- Work required:
Among the entries below, find every line that has "literal" and pull it out.
#####
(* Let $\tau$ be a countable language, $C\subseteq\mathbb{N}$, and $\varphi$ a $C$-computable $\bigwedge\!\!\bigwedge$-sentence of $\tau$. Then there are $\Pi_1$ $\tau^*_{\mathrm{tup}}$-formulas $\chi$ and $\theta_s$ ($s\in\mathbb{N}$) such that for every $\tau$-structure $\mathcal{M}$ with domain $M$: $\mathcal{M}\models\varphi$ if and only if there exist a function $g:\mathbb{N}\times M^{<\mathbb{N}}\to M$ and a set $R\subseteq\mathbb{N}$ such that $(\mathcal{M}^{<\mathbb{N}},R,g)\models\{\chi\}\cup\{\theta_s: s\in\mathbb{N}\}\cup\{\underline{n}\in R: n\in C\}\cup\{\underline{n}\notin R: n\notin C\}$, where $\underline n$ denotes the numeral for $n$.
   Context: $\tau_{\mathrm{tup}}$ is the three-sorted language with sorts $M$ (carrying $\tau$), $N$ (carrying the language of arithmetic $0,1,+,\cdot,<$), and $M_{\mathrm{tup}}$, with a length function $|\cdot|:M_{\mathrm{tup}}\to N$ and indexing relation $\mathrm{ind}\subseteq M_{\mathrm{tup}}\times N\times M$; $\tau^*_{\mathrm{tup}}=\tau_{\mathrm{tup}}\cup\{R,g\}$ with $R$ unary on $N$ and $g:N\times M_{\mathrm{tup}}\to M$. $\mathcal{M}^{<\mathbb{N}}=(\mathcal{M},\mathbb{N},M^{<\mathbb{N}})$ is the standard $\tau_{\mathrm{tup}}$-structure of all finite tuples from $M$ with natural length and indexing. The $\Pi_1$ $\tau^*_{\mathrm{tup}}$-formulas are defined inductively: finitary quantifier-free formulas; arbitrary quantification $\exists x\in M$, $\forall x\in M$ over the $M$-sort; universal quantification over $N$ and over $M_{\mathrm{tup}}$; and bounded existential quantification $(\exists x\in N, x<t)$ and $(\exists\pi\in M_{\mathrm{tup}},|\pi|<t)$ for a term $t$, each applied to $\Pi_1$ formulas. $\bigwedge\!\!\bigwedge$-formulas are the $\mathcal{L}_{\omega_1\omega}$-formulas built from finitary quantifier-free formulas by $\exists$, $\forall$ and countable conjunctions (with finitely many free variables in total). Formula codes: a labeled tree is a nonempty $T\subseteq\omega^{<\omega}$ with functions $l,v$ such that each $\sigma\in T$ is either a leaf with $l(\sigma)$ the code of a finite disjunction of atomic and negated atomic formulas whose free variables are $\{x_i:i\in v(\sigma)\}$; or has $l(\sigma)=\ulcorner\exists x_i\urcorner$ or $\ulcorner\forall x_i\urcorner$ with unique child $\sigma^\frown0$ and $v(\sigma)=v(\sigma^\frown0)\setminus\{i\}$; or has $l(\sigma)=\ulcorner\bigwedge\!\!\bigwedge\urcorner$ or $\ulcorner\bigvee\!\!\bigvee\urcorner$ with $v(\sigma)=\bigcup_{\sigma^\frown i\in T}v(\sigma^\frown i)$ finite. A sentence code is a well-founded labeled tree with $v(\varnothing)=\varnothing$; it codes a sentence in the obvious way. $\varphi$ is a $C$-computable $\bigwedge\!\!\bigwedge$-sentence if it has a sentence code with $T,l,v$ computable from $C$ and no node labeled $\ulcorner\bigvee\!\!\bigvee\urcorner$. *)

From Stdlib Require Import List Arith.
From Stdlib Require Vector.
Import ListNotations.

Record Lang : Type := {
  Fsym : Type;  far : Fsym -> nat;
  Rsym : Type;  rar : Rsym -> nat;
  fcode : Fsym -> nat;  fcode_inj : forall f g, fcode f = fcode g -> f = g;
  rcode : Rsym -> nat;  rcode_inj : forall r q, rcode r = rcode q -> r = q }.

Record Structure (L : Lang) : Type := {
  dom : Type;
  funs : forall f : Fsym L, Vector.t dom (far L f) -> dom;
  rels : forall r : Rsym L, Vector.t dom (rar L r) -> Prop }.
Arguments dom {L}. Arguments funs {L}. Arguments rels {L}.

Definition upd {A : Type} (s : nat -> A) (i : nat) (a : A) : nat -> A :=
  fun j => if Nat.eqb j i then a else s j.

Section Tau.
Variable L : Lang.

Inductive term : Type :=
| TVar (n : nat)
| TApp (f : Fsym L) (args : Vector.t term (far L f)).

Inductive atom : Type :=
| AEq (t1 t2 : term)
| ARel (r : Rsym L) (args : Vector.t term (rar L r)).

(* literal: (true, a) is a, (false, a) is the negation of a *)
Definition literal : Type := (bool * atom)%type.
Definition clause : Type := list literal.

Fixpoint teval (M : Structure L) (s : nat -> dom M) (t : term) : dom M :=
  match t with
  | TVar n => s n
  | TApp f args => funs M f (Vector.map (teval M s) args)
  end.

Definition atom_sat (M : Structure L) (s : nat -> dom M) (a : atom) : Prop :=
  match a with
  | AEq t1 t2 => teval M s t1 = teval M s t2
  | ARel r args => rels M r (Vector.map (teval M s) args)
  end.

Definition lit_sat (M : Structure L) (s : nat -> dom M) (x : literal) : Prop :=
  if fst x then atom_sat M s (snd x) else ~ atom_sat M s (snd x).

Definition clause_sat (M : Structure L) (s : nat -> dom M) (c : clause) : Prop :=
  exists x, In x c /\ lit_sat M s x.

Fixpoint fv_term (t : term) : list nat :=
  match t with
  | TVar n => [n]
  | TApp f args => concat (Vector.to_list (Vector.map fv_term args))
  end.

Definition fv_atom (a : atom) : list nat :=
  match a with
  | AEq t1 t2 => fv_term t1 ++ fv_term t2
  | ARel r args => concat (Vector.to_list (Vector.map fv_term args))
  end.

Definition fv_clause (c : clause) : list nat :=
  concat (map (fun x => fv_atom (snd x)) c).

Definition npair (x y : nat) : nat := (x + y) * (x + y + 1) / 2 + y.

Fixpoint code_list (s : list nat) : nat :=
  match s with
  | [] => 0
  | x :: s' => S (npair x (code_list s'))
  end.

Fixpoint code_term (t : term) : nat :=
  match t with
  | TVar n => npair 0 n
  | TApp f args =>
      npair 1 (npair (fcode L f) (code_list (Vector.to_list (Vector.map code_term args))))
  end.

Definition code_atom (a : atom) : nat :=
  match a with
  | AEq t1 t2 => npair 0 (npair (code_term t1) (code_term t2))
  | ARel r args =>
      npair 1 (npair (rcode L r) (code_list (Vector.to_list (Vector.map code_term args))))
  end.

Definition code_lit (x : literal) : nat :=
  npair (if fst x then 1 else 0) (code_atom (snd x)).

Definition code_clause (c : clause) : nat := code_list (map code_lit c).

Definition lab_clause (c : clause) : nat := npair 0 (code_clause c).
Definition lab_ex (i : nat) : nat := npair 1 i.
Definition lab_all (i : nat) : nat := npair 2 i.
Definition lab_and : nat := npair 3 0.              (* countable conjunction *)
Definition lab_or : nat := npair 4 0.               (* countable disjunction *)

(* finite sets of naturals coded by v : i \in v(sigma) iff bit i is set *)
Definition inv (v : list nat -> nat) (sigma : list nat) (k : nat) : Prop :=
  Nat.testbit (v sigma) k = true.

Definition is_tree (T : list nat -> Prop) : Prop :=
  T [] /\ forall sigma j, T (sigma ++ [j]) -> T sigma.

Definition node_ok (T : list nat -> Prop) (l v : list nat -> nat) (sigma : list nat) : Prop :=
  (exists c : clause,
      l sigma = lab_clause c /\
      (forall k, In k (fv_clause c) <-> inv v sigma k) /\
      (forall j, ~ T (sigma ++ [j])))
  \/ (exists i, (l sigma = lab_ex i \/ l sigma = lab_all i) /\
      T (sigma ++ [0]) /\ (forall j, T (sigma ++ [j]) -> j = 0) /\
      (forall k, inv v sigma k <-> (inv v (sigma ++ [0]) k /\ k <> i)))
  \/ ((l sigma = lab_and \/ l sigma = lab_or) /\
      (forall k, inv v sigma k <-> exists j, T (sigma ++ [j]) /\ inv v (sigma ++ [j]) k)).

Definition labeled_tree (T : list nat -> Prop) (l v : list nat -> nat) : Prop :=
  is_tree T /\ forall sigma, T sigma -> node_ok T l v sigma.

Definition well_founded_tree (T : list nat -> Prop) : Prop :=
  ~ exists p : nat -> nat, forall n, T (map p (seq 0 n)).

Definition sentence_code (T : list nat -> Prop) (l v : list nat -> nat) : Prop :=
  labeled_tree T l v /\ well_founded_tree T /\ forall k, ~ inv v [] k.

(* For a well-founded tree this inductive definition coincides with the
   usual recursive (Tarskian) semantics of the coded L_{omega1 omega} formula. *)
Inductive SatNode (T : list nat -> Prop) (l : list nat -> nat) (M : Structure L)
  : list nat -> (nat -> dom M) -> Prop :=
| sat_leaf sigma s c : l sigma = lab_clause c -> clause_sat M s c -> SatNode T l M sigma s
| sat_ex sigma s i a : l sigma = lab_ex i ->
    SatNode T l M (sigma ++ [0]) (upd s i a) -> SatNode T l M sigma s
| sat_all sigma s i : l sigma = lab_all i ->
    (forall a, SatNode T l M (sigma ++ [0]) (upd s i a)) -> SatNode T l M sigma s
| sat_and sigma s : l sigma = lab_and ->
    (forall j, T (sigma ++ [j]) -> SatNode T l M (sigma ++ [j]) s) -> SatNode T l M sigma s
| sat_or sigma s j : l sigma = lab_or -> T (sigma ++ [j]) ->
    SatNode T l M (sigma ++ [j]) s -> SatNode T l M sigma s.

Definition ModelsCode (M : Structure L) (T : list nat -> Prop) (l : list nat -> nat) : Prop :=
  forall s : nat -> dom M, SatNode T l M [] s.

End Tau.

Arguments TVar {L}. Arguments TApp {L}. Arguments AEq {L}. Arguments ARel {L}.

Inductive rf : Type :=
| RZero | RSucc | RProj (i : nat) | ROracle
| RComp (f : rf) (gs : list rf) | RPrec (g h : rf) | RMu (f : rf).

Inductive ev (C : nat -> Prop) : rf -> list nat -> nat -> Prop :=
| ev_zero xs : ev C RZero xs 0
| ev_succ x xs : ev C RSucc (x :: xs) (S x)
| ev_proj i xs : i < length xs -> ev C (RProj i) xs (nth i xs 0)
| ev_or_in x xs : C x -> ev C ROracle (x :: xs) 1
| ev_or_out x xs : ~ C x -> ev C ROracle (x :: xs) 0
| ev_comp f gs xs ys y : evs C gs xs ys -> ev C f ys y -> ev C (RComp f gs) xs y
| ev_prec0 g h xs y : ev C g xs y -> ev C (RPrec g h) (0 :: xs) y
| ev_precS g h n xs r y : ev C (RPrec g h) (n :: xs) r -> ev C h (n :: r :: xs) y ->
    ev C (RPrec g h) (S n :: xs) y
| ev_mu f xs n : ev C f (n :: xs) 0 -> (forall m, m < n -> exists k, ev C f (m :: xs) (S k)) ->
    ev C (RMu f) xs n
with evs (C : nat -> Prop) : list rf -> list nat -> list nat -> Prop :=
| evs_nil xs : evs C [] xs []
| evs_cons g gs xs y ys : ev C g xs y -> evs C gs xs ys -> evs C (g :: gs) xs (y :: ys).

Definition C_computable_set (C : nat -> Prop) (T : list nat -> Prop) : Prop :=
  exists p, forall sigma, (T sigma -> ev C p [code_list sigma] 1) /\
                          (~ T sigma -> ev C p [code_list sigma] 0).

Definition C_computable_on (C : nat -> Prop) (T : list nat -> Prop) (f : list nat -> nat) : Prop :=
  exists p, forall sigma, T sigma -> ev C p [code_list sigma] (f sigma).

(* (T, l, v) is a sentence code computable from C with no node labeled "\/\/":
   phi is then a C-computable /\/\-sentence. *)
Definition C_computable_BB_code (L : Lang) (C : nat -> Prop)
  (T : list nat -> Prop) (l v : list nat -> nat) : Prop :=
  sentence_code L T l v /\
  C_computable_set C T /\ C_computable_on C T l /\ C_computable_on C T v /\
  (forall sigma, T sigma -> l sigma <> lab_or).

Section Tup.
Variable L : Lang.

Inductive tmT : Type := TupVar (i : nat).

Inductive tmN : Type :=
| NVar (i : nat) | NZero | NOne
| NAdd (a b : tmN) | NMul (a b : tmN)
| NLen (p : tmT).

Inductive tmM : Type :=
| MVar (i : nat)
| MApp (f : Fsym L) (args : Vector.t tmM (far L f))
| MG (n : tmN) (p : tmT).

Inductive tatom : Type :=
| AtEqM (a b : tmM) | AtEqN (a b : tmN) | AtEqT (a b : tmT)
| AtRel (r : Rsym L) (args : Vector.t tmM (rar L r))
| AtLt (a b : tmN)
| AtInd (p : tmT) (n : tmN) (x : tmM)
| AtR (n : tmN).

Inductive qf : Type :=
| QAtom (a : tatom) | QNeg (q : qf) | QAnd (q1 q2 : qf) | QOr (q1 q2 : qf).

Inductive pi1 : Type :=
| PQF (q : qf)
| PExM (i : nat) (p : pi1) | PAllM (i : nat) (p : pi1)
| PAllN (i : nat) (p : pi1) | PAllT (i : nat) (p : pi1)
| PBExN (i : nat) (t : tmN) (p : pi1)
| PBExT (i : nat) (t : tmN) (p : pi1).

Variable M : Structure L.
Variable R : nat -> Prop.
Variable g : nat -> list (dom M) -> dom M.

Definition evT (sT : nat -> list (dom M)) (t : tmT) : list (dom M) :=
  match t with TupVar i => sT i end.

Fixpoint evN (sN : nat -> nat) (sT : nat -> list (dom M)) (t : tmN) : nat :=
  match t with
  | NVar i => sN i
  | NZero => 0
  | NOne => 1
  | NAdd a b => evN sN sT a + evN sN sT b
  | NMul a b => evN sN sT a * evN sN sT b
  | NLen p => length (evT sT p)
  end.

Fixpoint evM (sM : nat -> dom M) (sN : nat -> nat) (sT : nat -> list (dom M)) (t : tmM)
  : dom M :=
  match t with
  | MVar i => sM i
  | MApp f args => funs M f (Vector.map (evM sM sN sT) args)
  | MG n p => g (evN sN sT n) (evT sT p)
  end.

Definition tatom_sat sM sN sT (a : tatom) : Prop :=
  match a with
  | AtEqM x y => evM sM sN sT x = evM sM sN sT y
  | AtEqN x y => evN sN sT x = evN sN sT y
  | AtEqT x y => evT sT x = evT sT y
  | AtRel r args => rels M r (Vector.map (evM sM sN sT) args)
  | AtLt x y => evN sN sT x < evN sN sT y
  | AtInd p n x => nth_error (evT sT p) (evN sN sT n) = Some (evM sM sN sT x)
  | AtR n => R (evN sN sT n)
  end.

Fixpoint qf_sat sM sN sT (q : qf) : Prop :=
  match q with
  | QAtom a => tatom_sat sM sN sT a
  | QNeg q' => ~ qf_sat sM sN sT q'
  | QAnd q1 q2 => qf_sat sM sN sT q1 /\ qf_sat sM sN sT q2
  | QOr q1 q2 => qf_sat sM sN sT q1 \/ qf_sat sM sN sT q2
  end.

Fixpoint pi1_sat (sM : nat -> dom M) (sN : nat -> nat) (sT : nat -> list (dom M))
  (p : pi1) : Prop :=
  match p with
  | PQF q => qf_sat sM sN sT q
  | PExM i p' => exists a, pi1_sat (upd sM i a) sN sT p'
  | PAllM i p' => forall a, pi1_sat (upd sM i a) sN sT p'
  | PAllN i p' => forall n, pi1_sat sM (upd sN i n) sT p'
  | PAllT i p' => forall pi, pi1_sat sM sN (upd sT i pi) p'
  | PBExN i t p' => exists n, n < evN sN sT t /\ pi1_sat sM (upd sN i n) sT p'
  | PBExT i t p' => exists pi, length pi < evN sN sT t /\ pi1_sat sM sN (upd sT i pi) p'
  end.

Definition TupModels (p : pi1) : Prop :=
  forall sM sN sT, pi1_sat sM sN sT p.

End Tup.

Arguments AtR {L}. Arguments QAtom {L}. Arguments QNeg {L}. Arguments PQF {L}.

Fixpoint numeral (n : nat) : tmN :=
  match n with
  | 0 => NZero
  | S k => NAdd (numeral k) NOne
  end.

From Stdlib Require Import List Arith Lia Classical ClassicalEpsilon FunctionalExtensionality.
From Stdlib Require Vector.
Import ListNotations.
#####
- Response:
(* literal: (true, a) is a, (false, a) is the negation of a *)
Definition literal : Type := (bool * atom)%type.
Definition clause : Type := list literal.
Definition lit_sat (M : Structure L) (s : nat -> dom M) (x : literal) : Prop :=
Definition code_lit (x : literal) : nat :=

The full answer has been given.